Is a Linked-List Implementation Without Using Pointers Possible or Not

How are linked lists implemented without the use of pointer?

They are implemented using references which are essentially (excluding syntax) pointers that you can't do pointer arithmetic with (in some languages they also can't be null). In many languages, references are the default way of using variables, unlike C++ where the default is by-value.

How to implement linked list in reference without using pointer

I don't know how useful the concept is, but you CAN do it using std::reference_wrapper, as follows:

#include <iostream>
#include <list>
#include <functional>
using namespace std;

int main() {
    int a = 2, b = 6, c = 1;

    list<reference_wrapper<int>> mylist;
    mylist.push_back(a);
    mylist.push_back(b);
    mylist.push_back(c);

    for(auto x : mylist) {
        cout << x << " ";
    }
    cout << endl;
    a = 3; // <- this setting will modify mylist!

    for(auto x : mylist) {
        cout << x << " ";
    }
    return 0;
}

I would recommend learning C++ ways of handling things, specially that you are coming from Java world. Demo!

Creating a linked list without pointers but indices

Your struct Node would be like this

struct Node {
    int data;
    int index; // index of the entry in the pool to the next node
}

You can use a vector or array to create a pool

vector<Node*> pool; // stores the pointer to next nodes

Now to access the next node you can do

Node* nextNode = pool[currNode->index];

How can a Linked List be implemented using only pointers (w/o structures)?

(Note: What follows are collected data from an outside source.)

(* Let t = phi_r(G) > 0. An induced subgraph with a b-t-colouring contains a
   b-t-atom (its b-vertices and, for each pair of colours, one witness
   neighbour), hence G contains a minimal one A, and feasibility gives a
   b-t-colouring of A extending properly to A and N(A) with colours <= t. Give
   every other vertex its own colour above t and lower these colours one vertex
   x at a time. If every colour i <= t occurs on a neighbour of x that sees all
   other colours <= t, then x together with the vertices of colours <= t
   carries a b-(t+1)-colouring, contradicting phi_r(G) = t. Otherwise recolour
   x with such a colour i and give each neighbour of x of colour i a colour it
   misses. Since x lies outside A and N(A), the colouring of A is kept and N(A)
   stays below t + 1, so at the end the colouring is a b-t-colouring of G. *)

Lemma choice_on (A B : Type) (b0 : B) (D : A -> Prop) (R : A -> B -> Prop) :
  (forall a, D a -> exists b, R a b) -> exists f, forall a, D a -> R a (f a).
Proof.
by move=> hR; exists (fun a => epsilon (inhabits b0) (R a)) => a /hR; apply: epsilon_spec.
Qed.

Section BChromaticNumber.
Variables (T : finType) (e : rel T).

Lemma proper_kcol_le_card S k c : proper_kcol e S k c -> k <= #|S|.
Proof.
case=> _ onto; rewrite -(size_iota 1 k) -(size_image c S).
apply: uniq_leq_size (iota_uniq 1 k) _ => i; rewrite mem_iota add1n ltnS => hi.
by have [x xS <-] := onto i hi; apply: image_f.
Qed.

Lemma has_b_kcolP S k : reflect (has_b_kcol e S k) (has_b_kcolb e S k).
Proof. by rewrite /has_b_kcolb; case: excluded_middle_informative => h; constructor. Qed.

Lemma bchrom_max S k : has_b_kcol e S k -> k <= bchrom e S.
Proof.
move=> hk; have k_small : k < #|T|.+1.
  by case: hk => c [/proper_kcol_le_card leS _]; rewrite ltnS (leq_trans leS) ?max_card.
by apply: (leq_bigmax_cond (Ordinal k_small)); apply/has_b_kcolP.
Qed.

Lemma has_b_kcol_bchrom S : 0 < bchrom e S -> has_b_kcol e S (bchrom e S).
Proof.
rewrite /bchrom.
have [k0 hk0|none] := pickP (fun k : 'I_#|T|.+1 => has_b_kcolb e S k).
  by rewrite (bigmax_eq_arg _ hk0) => _; case: arg_maxnP => // k /has_b_kcolP.
by rewrite big_pred0.
Qed.

Lemma bchrom_le_bchrom_r (S S' : {set T}) :
  S' \subset S -> bchrom e S' <= bchrom_r e S.
Proof. exact: leq_bigmax_cond. Qed.

Lemma bchrom_r_attained (S : {set T}) :
  exists2 S' : {set T}, S' \subset S & bchrom e S' = bchrom_r e S.
Proof.
by rewrite /bchrom_r (bigmax_eq_arg S) ?subxx //; case: arg_maxnP => // S' ? _; exists S'.
Qed.

Lemma b_kcol_has_atom S t c : 0 < t -> b_kcol e S t c -> exists A, b_atom e A t.
Proof.
move=> t_gt0 [[[_ c_proper] c_onto] c_bvert].
have [x0 _ _] := c_onto 1 t_gt0.
have [sp spP] := choice_on x0 c_bvert.
have [nb nbP] : exists nb : nat * nat -> T,
    forall ij, [/\ 0 < ij.1 <= t, 0 < ij.2 <= t & ij.1 != ij.2] ->
    [/\ nb ij \in S, e (sp ij.1) (nb ij) & c (nb ij) = ij.2].
  apply: (choice_on x0 (R := fun ij u => [/\ u \in S, e (sp ij.1) u & c u = ij.2]))
    => -[i j] [/= hi hj ij]; have [[_ spb] spi] := spP i hi.
  have ji : j != c (sp i) by rewrite spi eq_sym.
  by have [u ? []] := spb j hj ji; exists u.
(* The diagonal [w i i] is the special vertex of colour [i], so the class of
   colour [j] is [{w i j | i}] and has at most [t] elements. *)
pose w i j := if i == j then sp i else nb (i, j).
have wP i j : 0 < i <= t -> 0 < j <= t ->
    [/\ w i j \in S, c (w i j) = j & i != j -> e (sp i) (w i j)].
  rewrite /w => hi hj; case: eqP => [<-|/eqP ij]; last by case: (nbP (i, j)).
  by have [[? _] ?] := spP i hi.
have ordS n : 0 < n <= t -> exists i : 'I_t, n = i.+1.
  by case: n => // n hn; exists (Ordinal hn).
have ord_range (i : 'I_t) : 0 < i.+1 <= t by rewrite /= ltn_ord.
pose A := [set w i.+1 j.+1 | i : 'I_t, j : 'I_t].
have wA i j : 0 < i <= t -> 0 < j <= t -> w i j \in A.
  by move=> /ordS [i' ->] /ordS [j' ->]; apply/imset2P; exists i' j'.
have AP x : x \in A -> x \in S /\ 0 < c x <= t.
  by case/imset2P => i j _ _ ->; have [? -> _] := wP _ _ (ord_range i) (ord_range j).
exists A, c, sp; split; [|split; [|split; [|split]]].
- by move=> x /AP [].
- move=> i hi; split; last exact: (spP i hi).2.
  by have := wA i i hi hi; rewrite /w eqxx.
- by move=> x y /AP [xS _] /AP [yS _]; apply: c_proper.
- move=> j /ordS [j' ->]; apply: (@leq_trans #|[set w i.+1 j'.+1 | i : 'I_t]|).
    apply: subset_leq_card; apply/subsetP => x.
    rewrite !inE => /andP [/imset2P [i k _ _ ->]].
    have [_ -> _] := wP _ _ (ord_range i) (ord_range k) => /eqP [/val_inj <-].
    exact: imset_f.
  by apply: leq_trans (leq_imset_card _ _) _; rewrite card_ord.
- move=> i j hi hj ij; have [_ wj wi] := wP i j hi hj.
  by exists (w i j); [apply: wA | split => //; apply: wi].
Qed.

Lemma minimal_b_atom_exists S t : b_atom e S t -> exists A, minimal_b_atom e A t.
Proof.
pose P B := if excluded_middle_informative (b_atom e B t) then true else false.
have PP B : P B <-> b_atom e B t by rewrite /P; case: excluded_middle_informative.
move=> /(PP S) PS; have [A /minsetP [/PP atomA minA]] := ex_minset (ex_intro P S PS).
exists A; split => // B ltBA /PP /minA /(_ (proper_sub ltBA)) eqBA.
by move: ltBA; rewrite eqBA properxx.
Qed.

Section Recolouring.
Hypotheses (e_sym : symmetric e) (e_irr : irreflexive e).
Variable t : nat.

Lemma b_kcol_add_vertex f x :
    (forall y z, e y z -> f y != f z) -> t < f x ->
    (forall i, 0 < i <= t -> exists2 u, e x u & f u = i /\ b_vertex e [set: T] t f u) ->
  has_b_kcol e (x |: [set y | 0 < f y <= t]) t.+1.
Proof.
move=> f_proper fx_high witness; set S := x |: _.
pose d y := if y == x then t.+1 else f y; exists d.
have dx : d x = t.+1 by rewrite /d eqxx.
have S_cases y : y \in S -> y = x \/ 0 < f y <= t.
  by rewrite !inE => /orP [/eqP|]; [left | right].
have low y i : f y = i -> 0 < i <= t -> [/\ y \in S, y != x & d y = i].
  move=> <- hy; have yx : y != x.
    by apply: contraTneq hy => ->; rewrite (leqNgt (f x)) fx_high andbF.
  by rewrite /d !inE (negbTE yx) hy orbT.
have below i : 0 < i <= t.+1 -> i != t.+1 -> 0 < i <= t.
  by case/andP => -> ile ine; rewrite -ltnS ltn_neqAle ine.
have bvert i : 0 < i <= t.+1 -> exists v, b_vertex e S t.+1 d v /\ d v = i.
  move=> hi; have [->|/(below i hi) {}hi] := eqVneq i t.+1.
    exists x; rewrite dx; split => //; split; first by rewrite !inE eqxx.
    rewrite dx => j hj /(below j hj) {}hj; have [u xu [fu _]] := witness j hj.
    by have [uS _ du] := low u j fu hj; exists u; rewrite ?du.
  have [u xu [fu [_ ubv]]] := witness i hi; have [uS ux du] := low u i fu hi.
  exists u; split => //; split => // j hj; rewrite du => ji.
  have [->|/(below j hj) {}hj] := eqVneq j t.+1.
    by exists x; rewrite ?inE ?eqxx // e_sym dx.
  rewrite -fu in ji; have [w _ [uw fw]] := ubv j hj ji.
  by have [wS _ dw] := low w j fw hj; exists w; rewrite ?dw.
split; [split; [split|] | exact: bvert].
- move=> y /S_cases [->|hy]; first by rewrite dx leqnn.
  by have [_ _ ->] := low y _ erefl hy; case/andP: hy => -> /leqW.
- move=> y z /S_cases [->|hy] /S_cases [->|hz] yz; first by rewrite e_irr in yz.
  + by have [_ _ ->] := low z _ erefl hz; rewrite dx eq_sym ltn_eqF // ltnS; case/andP: hz.
  + by have [_ _ ->] := low y _ erefl hy; rewrite dx ltn_eqF // ltnS; case/andP: hy.
  + by have [_ _ ->] := low y _ erefl hy; have [_ _ ->] := low z _ erefl hz; apply: f_proper.
- by move=> i /bvert [v [[vS _] dv]]; exists v.
Qed.

Lemma b_vertex_or_missing_colour f u :
  b_vertex e [set: T] t f u \/
  exists j, [/\ 0 < j <= t, j != f u & forall w, e u w -> f w != j].
Proof.
have [[j hj]|none] :=
  classic (exists j, [/\ 0 < j <= t, j != f u & forall w, e u w -> f w != j]).
  by right; exists j.
left; split => [|j hj ju]; first by rewrite inE.
apply: NNPP => nw; apply: none; exists j; split => // w uw; apply/eqP => fw.
by apply: nw; exists w; rewrite ?inE.
Qed.

Lemma b_witnesses_or_missing_colour f x :
  (forall i, 0 < i <= t -> exists2 u, e x u & f u = i /\ b_vertex e [set: T] t f u) \/
  exists2 i, 0 < i <= t & forall u, e x u -> f u = i ->
    exists j, [/\ 0 < j <= t, j != i & forall w, e u w -> f w != j].
Proof.
have [[i hi none]|all_b] := classic (exists2 i, 0 < i <= t &
    forall u, e x u -> f u = i -> ~ b_vertex e [set: T] t f u).
  right; exists i => // u xu fu.
  case: (b_vertex_or_missing_colour f u) => [/(none u xu fu) //|[j]].
  by rewrite fu; exists j.
left => i hi; apply: NNPP => no_u; apply: all_b; exists i => // u xu fu bu.
by apply: no_u; exists u.
Qed.

Lemma recolour_step f x i :
    (forall y z, e y z -> f y != f z) -> 0 < i <= t ->
    (forall u, e x u -> f u = i ->
      exists j, [/\ 0 < j <= t, j != i & forall w, e u w -> f w != j]) ->
  exists g, [/\ forall y z, e y z -> g y != g z, g x = i,
    forall y, y != x -> ~~ e x y -> g y = f y & forall y, g y = f y \/ 0 < g y <= t].
Proof.
move=> f_proper hi missing; pose N u := e x u && (f u == i).
have [m mP] : exists m : T -> nat, forall u, N u ->
    [/\ 0 < m u <= t, m u != i & forall w, e u w -> f w != m u].
  apply: (choice_on 0 (R := fun u j => [/\ 0 < j <= t, j != i & forall w, e u w -> f w != j])).
  by move=> u /andP [xu /eqP]; apply: missing.
pose g y := if y == x then i else if N y then m y else f y.
have gx : g x = i by rewrite /g eqxx.
have g_off y : y != x -> g y = if N y then m y else f y by rewrite /g => /negbTE ->.
have nbr_x z : z != x -> e x z -> g z != i.
  move=> zx xz; rewrite g_off //; case: ifP => [Nz|]; first by case: (mP z Nz).
  by rewrite /N xz => /negbT.
exists g; split => //.
- move=> y z yz; have [yx|yx] := eqVneq y x.
    have zx : z != x by apply: contraTneq yz => ->; rewrite yx e_irr.
    by rewrite yx gx eq_sym nbr_x // -yx.
  have [zx|zx] := eqVneq z x; first by rewrite zx gx nbr_x // e_sym -zx.
  rewrite !g_off //; case: ifP => [Ny|_]; case: ifP => [Nz|_].
  + move: Ny Nz (f_proper y z yz) => /andP [_ /eqP ->] /andP [_ /eqP ->].
    by rewrite eqxx.
  + by case: (mP y Ny) => _ _ /(_ z yz); rewrite eq_sym.
  + by case: (mP z Nz) => _ _; apply; rewrite e_sym.
  + exact: f_proper.
- by move=> y yx xy; rewrite g_off // /N (negbTE xy).
- move=> y; have [->|yx] := eqVneq y x; first by rewrite gx; right.
  by rewrite g_off //; case: ifP => [/mP [] m_range _ _|_]; [right | left].
Qed.

Definition high (f : T -> nat) : {set T} := [set y | t < f y].

Section Anchored.
Variables (A : {set T}) (cA : T -> nat).
Hypothesis cA_b : b_kcol e A t cA.

Definition anchored (f : T -> nat) :=
  [/\ forall y, 0 < f y, forall y z, e y z -> f y != f z,
      {in A, forall y, f y = cA y} & {in nbhd e A, forall y, f y <= t}].

Lemma feasible_anchored c' :
    {in A, forall y, c' y = cA y} -> proper_col_on e (A :|: nbhd e A) t c' ->
  exists f, anchored f.
Proof.
move=> c'A [c'_range c'_proper].
pose f y := if y \in A :|: nbhd e A then c' y else t.+1 + enum_rank y.
exists f; split.
- by move=> y; rewrite /f; case: ifP => [/c'_range /andP [] //|_]; rewrite addSn.
- move=> y z yz; rewrite /f; case: ifP => yU; case: ifP => zU.
  + exact: c'_proper.
  + by rewrite ltn_eqF // ltn_addr // ltnS; case/andP: (c'_range y yU).
  + by rewrite eq_sym ltn_eqF // ltn_addr // ltnS; case/andP: (c'_range z zU).
  + rewrite eqn_add2l; apply: contraTneq yz => /val_inj /enum_rank_inj ->.
    by rewrite e_irr.
- by move=> y yA; rewrite /f inE yA c'A.
- move=> y yN; have yU : y \in A :|: nbhd e A by rewrite inE yN orbT.
  by rewrite /f yU; case/andP: (c'_range y yU).
Qed.

Lemma anchored_high_far f x :
  anchored f -> t < f x -> x \notin A /\ {in A, forall y, ~~ e x y}.
Proof.
have [[[cA_range _] _] _] := cA_b; case=> _ _ fA fN fx.
have xA : x \notin A.
  by apply: contraTN fx => xA; rewrite -leqNgt fA //; case/andP: (cA_range x xA).
split=> // y yA; apply: contraTN fx => xy; rewrite -leqNgt fN // inE xA /=.
by apply/existsP; exists y; rewrite yA.
Qed.

Lemma anchored_low_b_kcol f : anchored f -> (forall y, f y <= t) -> b_kcol e [set: T] t f.
Proof.
have [[_ cA_onto] cA_bvert] := cA_b; case=> f_pos f_proper fA _ f_low.
split; [split; [split|]|].
- by move=> y _; rewrite f_pos f_low.
- by move=> y z _ _; apply: f_proper.
- by move=> i /cA_onto [y yA cy]; exists y; rewrite ?inE ?fA.
- move=> i /cA_bvert [v [[vA vbv] cv]]; exists v; split; last by rewrite fA.
  split=> [|j hj]; first by rewrite inE.
  rewrite fA // => /(vbv j hj) [u uA [vu cu]].
  by exists u; rewrite ?inE ?fA.
Qed.

Hypothesis no_b_kcol_above : forall S, ~ has_b_kcol e S t.+1.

Here is a complete solution of a LinkedList managed as int ** pointers.

Step 1 - the addNode() function to add one node to the int **head.

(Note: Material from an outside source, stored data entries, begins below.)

(* With $\alpha=(1+\sqrt5)/2$, $\beta=(1-\sqrt5)/2$, the following hold: $$\operatorname{Li}_2\Big(\frac\alpha2\Big)+\operatorname{Li}_2\Big(\frac\beta2\Big)=\frac{\pi^2}{12}+2\ln^2\alpha-\ln^2 2,$$ $$\operatorname{Li}_2\Big(\frac{\alpha^3}5\Big)+\operatorname{Li}_2\Big(\frac{\beta^3}5\Big)=\frac{\pi^2}{12}+6\ln^2\alpha-2\ln^22+2\ln2\ln5-\ln^25-\operatorname{Li}_2\Big(-\frac14\Big);$$ for every even integer $r\ge0$, $$\operatorname{Li}_2\Big(\frac{\alpha^r}{L_r}\Big)+\operatorname{Li}_2\Big(\frac{\beta^r}{L_r}\Big)=\frac{\pi^2}{6}+r^2\ln^2\alpha-\ln^2(L_r),$$ in particular $\operatorname{Li}_2(\alpha^2/3)+\operatorname{Li}_2(\beta^2/3)=\frac{\pi^2}6+4\ln^2\alpha-\ln^23$; for every odd integer $r\ge1$, $$\operatorname{Li}_2\Big(\frac{\alpha^r}{\sqrt5F_r}\Big)+\operatorname{Li}_2\Big(\frac{-\beta^r}{\sqrt5F_r}\Big)=\frac{\pi^2}{6}+r^2\ln^2\alpha-\frac14\ln^25-\ln5\ln(F_r)-\ln^2(F_r),$$ in particular $\operatorname{Li}_2(\alpha/\sqrt5)+\operatorname{Li}_2(-\beta/\sqrt5)=\frac{\pi^2}6+\ln^2\alpha-\frac14\ln^25$; and $$\operatorname{Li}_2\Big(\frac{\alpha^2}4\Big)+\operatorname{Li}_2\Big(\frac{\beta^2}4\Big)=\frac{\pi^2}{6}+2\ln^2\alpha-\frac12\ln^25+2\ln2\ln5-4\ln^22-\operatorname{Li}_2\Big(\frac15\Big),$$ $$\operatorname{Li}_2\Big(\frac\alpha3\Big)+\operatorname{Li}_2\Big(\frac\beta3\Big)=\ln^2\alpha-\frac14\ln^25+\ln3\ln5-\ln^23+\frac32\operatorname{Li}_2\Big(\frac15\Big)-\frac12\operatorname{Li}_2\Big(\frac1{25}\Big).$$
   Context: $\operatorname{Li}_2(x)=\sum_{k\ge1}x^k/k^2$ is the dilogarithm (for real $x\le1$). $F_n=(\alpha^n-\beta^n)/(\alpha-\beta)$ and $L_n=\alpha^n+\beta^n$ are the Fibonacci and Lucas numbers. *)

From Stdlib Require Import Reals Lra.
From Coquelicot Require Import Coquelicot.
Open Scope R_scope.

Definition Li2 (x : R) : R := Series (fun k : nat => x ^ (S k) / (INR (S k)) ^ 2).

Definition alpha : R := (1 + sqrt 5) / 2.
Definition beta : R := (1 - sqrt 5) / 2.

Definition Fib (n : nat) : R := (alpha ^ n - beta ^ n) / (alpha - beta).
Definition Luc (n : nat) : R := alpha ^ n + beta ^ n.

(* Li2 is a power series of radius 1 with derivative -ln(1-x)/x. Differentiating shows
   that the defects of Landen's identity, of the duplication formula, of Euler's reflection
   formula and of Abel's five-term relation are locally constant; evaluating at x = 0 fixes
   the constants, except for the reflection formula, whose constant is Li2(1) = pi^2/6 by
   Abel's limit theorem and a Wallis-integral proof of zeta(2) = pi^2/6.
   For r even (resp. odd) the numbers alpha^r and beta^r (resp. -beta^r) are mutually inverse
   with sum L_r (resp. sqrt5 F_r), so reflection at alpha^r / L_r gives the general identities.
   The remaining values are linear combinations of the four identities taken at points of
   Q(sqrt5) where every logarithm is that of a product of powers of alpha, 2, 3 and sqrt5. *)

From Stdlib Require Import Reals Arith Lra Lia.
From Coquelicot Require Import Coquelicot.
Open Scope R_scope.

Definition Li2_coef : nat -> R := PS_incr_1 (fun n => / INR (S n) ^ 2).
Definition dLi2_coef (n : nat) : R := / INR (S n).
Definition dLi2 (x : R) : R := PSeries dLi2_coef x.

Lemma INR_S_neq0 n : INR (S n) <> 0.
Proof. apply not_0_INR; lia. Qed.

Lemma Li2_PSeries x : Li2 x = PSeries Li2_coef x.
Proof.
  unfold Li2, Li2_coef. rewrite PSeries_incr_1. unfold PSeries.
  rewrite <- Series_scal_l. apply Series_ext. intro n.
  change (scal ?a ?b) with (a * b). simpl. field. apply INR_S_neq0.
Qed.

Lemma is_lim_seq_inv_S : is_lim_seq (fun n => / INR (S n)) 0.
Proof.
  apply (is_lim_seq_incr_1 (fun n => / INR n)).
  replace (Finite 0) with (Rbar_inv p_infty) by reflexivity.
  apply is_lim_seq_inv; [exact is_lim_seq_INR | discriminate].
Qed.

Lemma CV_radius_dLi2_coef : CV_radius dLi2_coef = 1.
Proof.
  rewrite <- Rinv_1 at 1.
  apply CV_radius_finite_DAlembert; [intro n; apply Rinv_neq_0_compat, INR_S_neq0 | lra |].
  apply (is_lim_seq_ext (fun n => 1 - / INR (S (S n)))).
  - intro n. unfold dLi2_coef.
    pose proof (pos_INR n). rewrite !S_INR.
    rewrite Rabs_pos_eq; [field; lra|].
    apply Rlt_le, Rdiv_lt_0_compat; apply Rinv_0_lt_compat; lra.
  - replace (Finite 1) with (Finite (1 - 0)) by (f_equal; ring).
    apply is_lim_seq_minus'; [apply is_lim_seq_const|].
    exact (proj1 (is_lim_seq_incr_1 _ _) is_lim_seq_inv_S).
Qed.

Lemma PS_derive_Li2_coef n : PS_derive Li2_coef n = dLi2_coef n.
Proof.
  unfold PS_derive, Li2_coef, PS_incr_1, dLi2_coef.
  field. apply INR_S_neq0.
Qed.

Lemma CV_radius_Li2_coef : CV_radius Li2_coef = 1.
Proof.
  rewrite <- CV_radius_dLi2_coef, <- CV_radius_derive.
  apply CV_radius_ext, PS_derive_Li2_coef.
Qed.

Lemma Rabs_lt_1 x : -1 < x < 1 -> Rbar_lt (Rabs x) 1.
Proof. intro H. apply Rabs_def1; lra. Qed.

int **addNode(int **head, int ival)
{
    int **node = malloc(2 * sizeof(int *));

    // don't forget to alloc memory to store the int value
    node[0] = malloc(sizeof(int));
    *(node[0]) = ival;
    // next is pointing to NULL
    node[1] = NULL;

    if (head == NULL) {
        // first node to be added
        head = node;
    }
    else {
        int **temp;

        temp = head;
        // temp[1] is the next
        while (temp[1]!=NULL) {
            // cast needed to go to the next node
            temp = (int **)temp[1];
        }
        // cast needed to store the next node
        temp[1] = (int *)node;
    }
    return (head);
}

Step 2 - a function display() to explore the current linkedlist.

void display(int **head)
{
    int **temp;
    int i = 0;

    temp = head;
    printf("display:\n");
    while (temp!=NULL) {
        // temp[0] is pointing to the ivalue
        printf("node[%d]=%d\n",i++,*(temp[0]));
        temp = (int **)temp[1];
    }
    printf("\n");
}

Step 3 - the popNode() function to remove the first node.

int **popNode(int **head)
{
    int **temp;

    if (head!=NULL) {
        temp = (int **)head[1];
        // don't forget to free ivalue
        free(head[0]);
        // then free the next pointer
        free(head[1]);
        head = temp;
    }
    return (head);
}

Step 4 - then an example of main() function using the linkedlist.

int main()
{
    int **head = NULL;

    head = addNode(head,111);
    head = addNode(head,222);
    head = addNode(head,333);

    display(head);
    // display:
    // node[0]=111
    // node[1]=222
    // node[2]=333

    head = popNode(head);

    display(head);
    // display:
    // node[0]=222
    // node[1]=333

    while ((head = popNode(head))!=NULL);

    display(head);
    // display:

    return (0);
}

Linked list without struct, but using only arrays

The key advantage of a linked list is that when you insert or append an element, you can store that element anywhere in memory. Other elements in the list can point to it, and if you iterate over the list, you jump back and forth anywhere in memory following the pointers down the chain formed by the elements, until you reach the tail, which has a null pointer because it is the last element.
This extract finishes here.